Crystal malts will add to your OG, just like any malt; however, the process that the use makes the the sugars unable to be fermented by beer yeast. That's why they will add to your OG AND FG. Those sugars are left in the beer after fermentation so they are called residual sugars. The more crystal malt you have then the more residual sugars you have, and as a result, you will have a higher FG.
 
I think I'll get some dry yeast packets and try a fast ferment test on a sample, and if it's done it's done. I've still got to dry hop it and sitting in the primary a little longer won't hurt anything. As long as they won't explode cuz it's actually done I'll be fine with them.
 
I had one like this that ended super high. In my case it was definitely unfermentables. Used way too much dark malt. It was about 3.5% alcohol and caused lots of gas.

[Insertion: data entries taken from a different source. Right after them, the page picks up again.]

Theorem mainTheorem7 (T : Type) (P : Params) (rho : R -> state T)
  (hP : valid_params P) (hT : finite_type T)
  (hreg : regular_run P rho)
  (alpha : R) (halpha : 0 < alpha)
  (hfail : exists eps, 0 < eps /\
             forall u, alpha - eps < u < alpha -> ~ SafeToOpen P (rho u) u)
  (hsafe : SafeToOpen P (rho alpha) alpha)
  (beta : xR) (hbeta : is_beta P rho alpha beta) :
  Dir (rho alpha) = DClose /\
  (forall u, alpha < u -> xle (XFin u) beta -> Dir (rho u) = DOpen) /\
  (forall b, beta = XFin b ->
     exists eps, 0 < eps /\ forall u, b < u < b + eps -> Dir (rho u) = DOpen).
Proof.
  split; [exact (dir_close_at_safe_entry hP hreg alpha halpha hfail hsafe)|].
  destruct hbeta as [[-> Hunbounded]|[b [-> Hlub]]].
  - split; [|discriminate].
    intros u Hu _. destruct (Hunbounded u) as [t [[_ Hsafe_t] Hut]].
    apply (dir_open_while_safe hP hreg alpha t); [lra | intros v Hv; apply Hsafe_t; lra | lra].
  - split.
    + intros u Hu Hub. simpl in Hub.
      apply (dir_open_while_safe hP hreg alpha b); [lra | exact (safe_below_lub alpha b Hlub) | lra].
    + intros b' [= <-]. exact (dir_open_right_of_lub hP hreg alpha b ltac:(lra) hsafe Hlub).
Qed.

You might hit it with lalvin ec-1118 for 99 cents and if it's just a stuck fermentation you might be able to get it to restart. Ingredients and yeasts can vary from batch to batch.
 
9lb Extra light LME
3lb light DME

1.25lb Crystal 15L
1lb Crystal 40L

The first batch was the same, except only 2lb of DME, and it finished ~1.020.

This is a pretty simple recipe. If you made 5 gallons, you will have gotten an OG of 1.108 per BeerSmith (I'm assuming you get 50% of the sugars from the crystal). You can get a false reading, if the wort was not fully mixed; it happens a lot.

1.108 to 1.028 = 74% attenuation. Considering the amount of unfermentable crystal you have in there, that's pretty good.

This is also putting you at 10.5% abv. This is a big beer, and yeast can stall if you don't provide it sufficient O2 at the start of fermentation.


The reason I removed the unfermentable crystal sugars when I calculated the attenuation before is because they distort the calculation. They are extra sugars that you have added that the yeast just can't work on. If you made this same beer in exactly the same way, without the Crystal, your OG would have been 1.100 (per the Beersmith calc noted above) and your FG would be 1.020; Thus the yeast would have had an attenuation of 80% of the sugars that it could work with.